Lemma progress_upto (eps : {set E}) : 2 * #|eps| < d ->
  forall i, i <= n -> exists K rho, progress eps i K rho.
Proof.
move=> eps_small; elim=> [_ | i IHi lt_in].
  exists set0, eps; split=> //; last by rewrite cards0.
  - by rewrite /past big_ord0 disjoint_sym disjoints_subset sub0set.
  - by rewrite symdC symd0.
have [K [rho inv]] := IHi (ltnW lt_in).
exact: progress_step lt_in eps_small inv.
Qed.

Lemma past_all : past C n = setT.
Proof.
apply/setP => x; rewrite inE; have [i lt_in xC] := C_cover x.
by apply/bigcupP; exists (Ordinal lt_in).
Qed.

Lemma decoding_succeeds (eps : {set E}) : 2 * #|eps| < d ->
  exists K, [/\ kapP D C B dec eps n = Some K, syn D K = syn D eps & #|K| <= #|eps|].
Proof.
move=> eps_small; have [K [rho [run rho_past rho_syn weight]]] := progress_upto eps_small (leqnn n).
have rho0 : rho = set0 by move: (disjoint_setI0 rho_past); rewrite past_all setIT.
exists K; split=> //; last by move: weight; rewrite rho0 cards0 addn0.
by apply/eqP; rewrite -symd_eq0 -syn_symd -rho_syn rho0 syn0.
Qed.

End ModularDecoding.

Lemma kapP_syn (E Sig : finType) (D : E -> Sig -> bool) C B dec (eps eps' : {set E}) k :
  syn D eps = syn D eps' -> kapP D C B dec eps k = kapP D C B dec eps' k.
Proof.
move=> same_syn; elim: k => //= k ->.
by case: (kapP D C B dec eps' k) => // K; rewrite !synV_symd /synV same_syn.
Qed.

Lemma small_undetectable_trivial (E Sig M : finType) (D : E -> Sig -> bool)
    (L : E -> M -> bool) d (A : {set E}) :
  (forall eta : {set E}, syn D eta = set0 -> logeff L eta != set0 -> d <= #|eta|) ->
  syn D A = set0 -> #|A| < d -> logeff L A = set0.
Proof.
by move=> dist A_syn; apply: contraTeq => A_log; rewrite -leqNgt dist.
Qed.

Theorem mainTheorem1 (E Sig M : finType) (D : E -> Sig -> bool)
  (L : E -> M -> bool) (d n : nat) (C B : nat -> {set E})
  (dec : nat -> {set Sig} -> option {set E}) :
  is_fault_distance D L d ->
  (* C 0, ..., C (n-1) partition E *)
  (forall i j, i < n -> j < n -> i != j -> [disjoint C i & C j]) ->
  (forall e : E, exists2 i, i < n & e \in C i) ->
  (* buffers *)
  (forall i, i < n -> [disjoint B i & past C i :|: C i]) ->
  (* local decoder contract *)
  (forall i s, i < n ->
     match dec i s with
     | Some mu => mu \subset C i :|: B i /\ synV D C B i mu = s
     | None => ~ (exists mu : {set E}, mu \subset C i :|: B i /\ synV D C B i mu = s)
     end) ->
  (* 1. local decoder soundness *)
  (forall (eps : {set E}) i K, i < n -> kapP D C B dec eps i = Some K ->
     let s := synV D C B i (symd K eps) in
     (exists2 eta : {set E}, eta \subset C i :|: B i & 2 * #|eta| < d /\ synV D C B i eta = s) ->
     exists mu : {set E}, [/\ dec i s = Some mu, mu \subset C i :|: B i,
                    synV D C B i mu = s &
                    forall mu' : {set E}, mu' \subset C i :|: B i -> synV D C B i mu' = s ->
                                #|mu| <= #|mu'|]) ->
  (* 2. buffering condition *)
  (forall i, i < n -> forall eta : {set E},
     connected_err D eta -> eta \subset C i :|: B i -> synV D C B i eta = set0 ->
     eta :&: C i != set0 -> syn D eta != set0 -> d <= #|eta|) ->
  forall eps : {set E}, 2 * #|eps| < d ->
  exists kappa : {set E}, [/\ kapP D C B dec eps n = Some kappa,
     syn D kappa = syn D eps, #|kappa| <= #|eps|,
     (forall kappa' : {set E}, syn D kappa' = syn D eps -> #|kappa| <= #|kappa'|) &
     logeff L kappa = logeff L eps].
Proof.
move=> [_ dist] C_disj C_cover B_disj _ sound buffer.
have decode := decoding_succeeds C_disj C_cover B_disj sound buffer.
move=> eps eps_small; have [K [run K_syn K_weight]] := decode eps eps_small.
exists K; split=> // [K' K'_syn | ].
- (* a lighter correction would itself be a small error with the same run *)
  have [K'_small | ] := ltnP (2 * #|K'|) d; last by lia.
  have [K'' [run' _ K''_weight]] := decode K' K'_small.
  by move: run'; rewrite (kapP_syn C B dec n K'_syn) run => -[->].
- (* K + eps is undetectable and lighter than the fault distance *)
  apply/eqP; rewrite -symd_eq0 -logeff_symd; apply/eqP.
  apply: small_undetectable_trivial dist _ _; first by rewrite syn_symd K_syn symdv.
  by have := card_symd_le K eps; lia.
Qed.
+++
**TASK:**
Starting at the line that contains "have decode := decoding_succeeds", retype every line through the end of the records exactly, and nothing else.

**FINISHED TASK:**
have decode := decoding_succeeds C_disj C_cover B_disj sound buffer.
move=> eps eps_small; have [K [run K_syn K_weight]] := decode eps eps_small.
exists K; split=> // [K' K'_syn | ].
- (* a lighter correction would itself be a small error with the same run *)
  have [K'_small | ] := ltnP (2 * #|K'|) d; last by lia.
  have [K'' [run' _ K''_weight]] := decode K' K'_small.
  by move: run'; rewrite (kapP_syn C B dec n K'_syn) run => -[->].
- (* K + eps is undetectable and lighter than the fault distance *)
  apply/eqP; rewrite -symd_eq0 -logeff_symd; apply/eqP.
  apply: small_undetectable_trivial dist _ _; first by rewrite syn_symd K_syn symdv.
  by have := card_symd_le K eps; lia.
Qed.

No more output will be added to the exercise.